WHAT YOU HAVE TO DO |
The lines from the start of the records through the one containing "(forall E : relX" are to be restated word for word; please include both ends.

TASK MATERIAL |
----------

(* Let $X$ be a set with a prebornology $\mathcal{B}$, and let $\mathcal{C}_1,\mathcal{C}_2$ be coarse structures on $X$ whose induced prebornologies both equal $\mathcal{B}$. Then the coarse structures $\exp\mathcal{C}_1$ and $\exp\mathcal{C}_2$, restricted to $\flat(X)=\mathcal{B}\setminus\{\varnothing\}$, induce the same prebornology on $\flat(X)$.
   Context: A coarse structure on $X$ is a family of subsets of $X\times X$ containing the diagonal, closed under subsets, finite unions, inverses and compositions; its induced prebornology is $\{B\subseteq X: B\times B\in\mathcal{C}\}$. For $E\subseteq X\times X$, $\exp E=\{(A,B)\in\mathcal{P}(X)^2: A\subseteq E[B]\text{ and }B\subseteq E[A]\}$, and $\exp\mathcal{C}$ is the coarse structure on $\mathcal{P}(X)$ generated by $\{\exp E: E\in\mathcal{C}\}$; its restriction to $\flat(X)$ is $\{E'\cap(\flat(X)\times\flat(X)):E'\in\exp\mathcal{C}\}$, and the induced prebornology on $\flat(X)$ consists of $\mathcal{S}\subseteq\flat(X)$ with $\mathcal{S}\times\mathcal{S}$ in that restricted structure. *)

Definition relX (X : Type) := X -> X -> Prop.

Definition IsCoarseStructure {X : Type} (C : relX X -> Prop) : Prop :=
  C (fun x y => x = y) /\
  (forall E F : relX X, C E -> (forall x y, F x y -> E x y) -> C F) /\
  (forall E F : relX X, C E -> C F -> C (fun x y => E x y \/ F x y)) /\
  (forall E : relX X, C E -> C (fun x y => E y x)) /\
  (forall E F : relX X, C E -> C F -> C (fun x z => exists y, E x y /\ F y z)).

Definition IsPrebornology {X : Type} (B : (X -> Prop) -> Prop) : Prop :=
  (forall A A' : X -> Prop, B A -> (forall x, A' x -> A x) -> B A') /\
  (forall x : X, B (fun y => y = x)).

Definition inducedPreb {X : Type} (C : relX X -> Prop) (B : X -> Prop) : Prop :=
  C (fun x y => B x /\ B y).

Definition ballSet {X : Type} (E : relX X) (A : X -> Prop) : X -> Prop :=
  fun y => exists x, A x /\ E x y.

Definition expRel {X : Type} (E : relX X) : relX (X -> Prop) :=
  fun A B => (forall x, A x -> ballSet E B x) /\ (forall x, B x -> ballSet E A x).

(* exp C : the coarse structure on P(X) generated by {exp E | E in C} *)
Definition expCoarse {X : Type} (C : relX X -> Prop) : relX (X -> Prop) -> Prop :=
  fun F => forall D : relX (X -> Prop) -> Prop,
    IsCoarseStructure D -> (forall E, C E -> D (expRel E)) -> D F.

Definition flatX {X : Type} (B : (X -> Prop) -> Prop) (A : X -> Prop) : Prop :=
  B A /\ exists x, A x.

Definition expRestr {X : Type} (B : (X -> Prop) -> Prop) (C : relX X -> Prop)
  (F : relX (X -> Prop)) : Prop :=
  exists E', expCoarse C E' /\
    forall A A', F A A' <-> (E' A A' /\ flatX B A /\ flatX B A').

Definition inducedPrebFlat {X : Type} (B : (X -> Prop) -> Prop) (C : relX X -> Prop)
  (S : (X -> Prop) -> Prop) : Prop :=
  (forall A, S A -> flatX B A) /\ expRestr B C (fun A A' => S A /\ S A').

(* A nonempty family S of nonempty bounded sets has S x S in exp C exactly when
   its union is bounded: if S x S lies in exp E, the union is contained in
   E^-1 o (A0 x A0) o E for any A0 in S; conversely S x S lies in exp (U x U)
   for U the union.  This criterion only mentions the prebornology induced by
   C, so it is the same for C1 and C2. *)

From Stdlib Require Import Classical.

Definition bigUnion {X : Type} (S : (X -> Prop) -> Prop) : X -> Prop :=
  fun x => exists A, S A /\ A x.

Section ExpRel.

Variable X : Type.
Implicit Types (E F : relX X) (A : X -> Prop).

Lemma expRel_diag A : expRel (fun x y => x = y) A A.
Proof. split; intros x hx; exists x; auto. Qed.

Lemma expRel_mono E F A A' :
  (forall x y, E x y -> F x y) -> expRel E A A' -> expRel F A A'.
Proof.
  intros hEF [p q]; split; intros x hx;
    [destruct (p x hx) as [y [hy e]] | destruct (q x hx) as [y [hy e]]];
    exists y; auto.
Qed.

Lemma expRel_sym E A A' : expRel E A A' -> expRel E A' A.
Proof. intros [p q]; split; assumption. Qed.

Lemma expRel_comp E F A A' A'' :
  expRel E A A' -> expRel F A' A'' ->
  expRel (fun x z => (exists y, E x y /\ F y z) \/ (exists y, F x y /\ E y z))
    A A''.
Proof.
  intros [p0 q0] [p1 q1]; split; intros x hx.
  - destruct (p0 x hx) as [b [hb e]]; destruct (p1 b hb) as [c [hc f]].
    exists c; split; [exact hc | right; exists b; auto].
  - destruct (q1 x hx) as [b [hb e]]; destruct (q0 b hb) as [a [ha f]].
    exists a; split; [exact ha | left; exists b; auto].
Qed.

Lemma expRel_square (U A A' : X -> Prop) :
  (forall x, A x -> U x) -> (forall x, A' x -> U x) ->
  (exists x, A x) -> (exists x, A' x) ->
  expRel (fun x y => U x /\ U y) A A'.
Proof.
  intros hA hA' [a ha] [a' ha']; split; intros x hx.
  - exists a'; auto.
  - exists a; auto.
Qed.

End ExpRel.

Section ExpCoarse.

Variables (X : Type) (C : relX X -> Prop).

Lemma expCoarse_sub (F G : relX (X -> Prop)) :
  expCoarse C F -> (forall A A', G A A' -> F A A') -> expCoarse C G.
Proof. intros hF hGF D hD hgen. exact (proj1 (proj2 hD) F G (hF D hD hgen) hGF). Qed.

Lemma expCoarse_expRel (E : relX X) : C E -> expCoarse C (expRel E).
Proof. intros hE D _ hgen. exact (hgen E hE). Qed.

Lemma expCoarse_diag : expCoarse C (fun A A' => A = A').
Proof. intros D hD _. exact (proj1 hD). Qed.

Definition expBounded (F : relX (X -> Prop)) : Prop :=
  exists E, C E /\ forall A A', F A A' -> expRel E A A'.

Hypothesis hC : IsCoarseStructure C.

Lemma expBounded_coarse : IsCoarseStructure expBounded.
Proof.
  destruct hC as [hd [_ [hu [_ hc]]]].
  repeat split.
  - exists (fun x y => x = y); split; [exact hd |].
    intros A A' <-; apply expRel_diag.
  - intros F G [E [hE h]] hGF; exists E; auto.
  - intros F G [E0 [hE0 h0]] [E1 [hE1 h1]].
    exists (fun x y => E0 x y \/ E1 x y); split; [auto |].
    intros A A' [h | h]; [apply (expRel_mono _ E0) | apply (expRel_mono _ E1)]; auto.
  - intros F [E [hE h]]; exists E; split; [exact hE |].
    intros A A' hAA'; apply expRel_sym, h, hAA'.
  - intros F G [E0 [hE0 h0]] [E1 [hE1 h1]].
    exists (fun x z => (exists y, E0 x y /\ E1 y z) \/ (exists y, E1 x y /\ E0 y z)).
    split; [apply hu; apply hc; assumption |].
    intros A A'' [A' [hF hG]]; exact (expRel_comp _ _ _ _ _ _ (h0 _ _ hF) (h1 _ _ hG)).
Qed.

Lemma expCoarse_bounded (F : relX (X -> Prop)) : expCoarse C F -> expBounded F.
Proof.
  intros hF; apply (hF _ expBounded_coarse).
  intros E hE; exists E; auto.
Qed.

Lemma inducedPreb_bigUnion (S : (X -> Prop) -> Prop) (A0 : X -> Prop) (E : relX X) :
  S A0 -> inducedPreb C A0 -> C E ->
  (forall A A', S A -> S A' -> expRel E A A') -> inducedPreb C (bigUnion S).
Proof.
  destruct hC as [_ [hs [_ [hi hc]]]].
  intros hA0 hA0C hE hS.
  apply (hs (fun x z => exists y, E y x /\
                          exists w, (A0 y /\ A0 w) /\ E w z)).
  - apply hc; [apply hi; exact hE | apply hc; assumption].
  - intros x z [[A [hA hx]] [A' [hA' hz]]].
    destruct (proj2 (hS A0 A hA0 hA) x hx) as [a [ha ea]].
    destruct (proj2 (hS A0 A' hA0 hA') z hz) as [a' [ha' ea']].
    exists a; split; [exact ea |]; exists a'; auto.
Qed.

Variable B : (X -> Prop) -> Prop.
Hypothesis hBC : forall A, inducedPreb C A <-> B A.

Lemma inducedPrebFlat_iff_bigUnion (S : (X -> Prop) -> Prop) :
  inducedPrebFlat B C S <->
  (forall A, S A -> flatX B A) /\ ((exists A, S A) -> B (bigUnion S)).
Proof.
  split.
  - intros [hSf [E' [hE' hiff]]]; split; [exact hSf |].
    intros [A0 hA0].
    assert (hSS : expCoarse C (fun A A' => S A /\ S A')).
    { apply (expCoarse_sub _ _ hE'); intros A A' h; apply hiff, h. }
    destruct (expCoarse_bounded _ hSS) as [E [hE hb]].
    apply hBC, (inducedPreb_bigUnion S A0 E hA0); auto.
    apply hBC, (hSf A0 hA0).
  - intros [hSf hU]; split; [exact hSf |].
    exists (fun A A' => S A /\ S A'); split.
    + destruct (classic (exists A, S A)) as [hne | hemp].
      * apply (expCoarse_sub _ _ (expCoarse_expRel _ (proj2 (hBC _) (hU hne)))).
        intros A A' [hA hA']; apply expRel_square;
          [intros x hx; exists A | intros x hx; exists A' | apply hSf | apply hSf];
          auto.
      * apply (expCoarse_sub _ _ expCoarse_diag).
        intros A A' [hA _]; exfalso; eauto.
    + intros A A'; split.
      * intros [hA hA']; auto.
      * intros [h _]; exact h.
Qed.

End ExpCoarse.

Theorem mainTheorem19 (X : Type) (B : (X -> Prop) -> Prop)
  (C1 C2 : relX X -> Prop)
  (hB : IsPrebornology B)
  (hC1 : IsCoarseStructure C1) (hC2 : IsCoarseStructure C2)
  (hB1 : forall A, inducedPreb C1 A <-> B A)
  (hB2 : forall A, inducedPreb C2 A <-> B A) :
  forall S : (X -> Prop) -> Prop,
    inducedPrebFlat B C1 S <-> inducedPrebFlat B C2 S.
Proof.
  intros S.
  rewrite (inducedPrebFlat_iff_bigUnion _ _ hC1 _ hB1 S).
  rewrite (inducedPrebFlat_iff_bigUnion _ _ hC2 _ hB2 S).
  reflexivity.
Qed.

----------

YOUR SOLUTION |
(* Let $X$ be a set with a prebornology $\mathcal{B}$, and let $\mathcal{C}_1,\mathcal{C}_2$ be coarse structures on $X$ whose induced prebornologies both equal $\mathcal{B}$. Then the coarse structures $\exp\mathcal{C}_1$ and $\exp\mathcal{C}_2$, restricted to $\flat(X)=\mathcal{B}\setminus\{\varnothing\}$, induce the same prebornology on $\flat(X)$.
   Context: A coarse structure on $X$ is a family of subsets of $X\times X$ containing the diagonal, closed under subsets, finite unions, inverses and compositions; its induced prebornology is $\{B\subseteq X: B\times B\in\mathcal{C}\}$. For $E\subseteq X\times X$, $\exp E=\{(A,B)\in\mathcal{P}(X)^2: A\subseteq E[B]\text{ and }B\subseteq E[A]\}$, and $\exp\mathcal{C}$ is the coarse structure on $\mathcal{P}(X)$ generated by $\{\exp E: E\in\mathcal{C}\}$; its restriction to $\flat(X)$ is $\{E'\cap(\flat(X)\times\flat(X)):E'\in\exp\mathcal{C}\}$, and the induced prebornology on $\flat(X)$ consists of $\mathcal{S}\subseteq\flat(X)$ with $\mathcal{S}\times\mathcal{S}$ in that restricted structure. *)

Definition relX (X : Type) := X -> X -> Prop.

Definition IsCoarseStructure {X : Type} (C : relX X -> Prop) : Prop :=
  C (fun x y => x = y) /\
  (forall E F : relX X, C E -> (forall x y, F x y -> E x y) -> C F) /\
  (forall E F : relX X, C E -> C F -> C (fun x y => E x y \/ F x y)) /\
  (forall E : relX X, C E -> C (fun x y => E y x)) /\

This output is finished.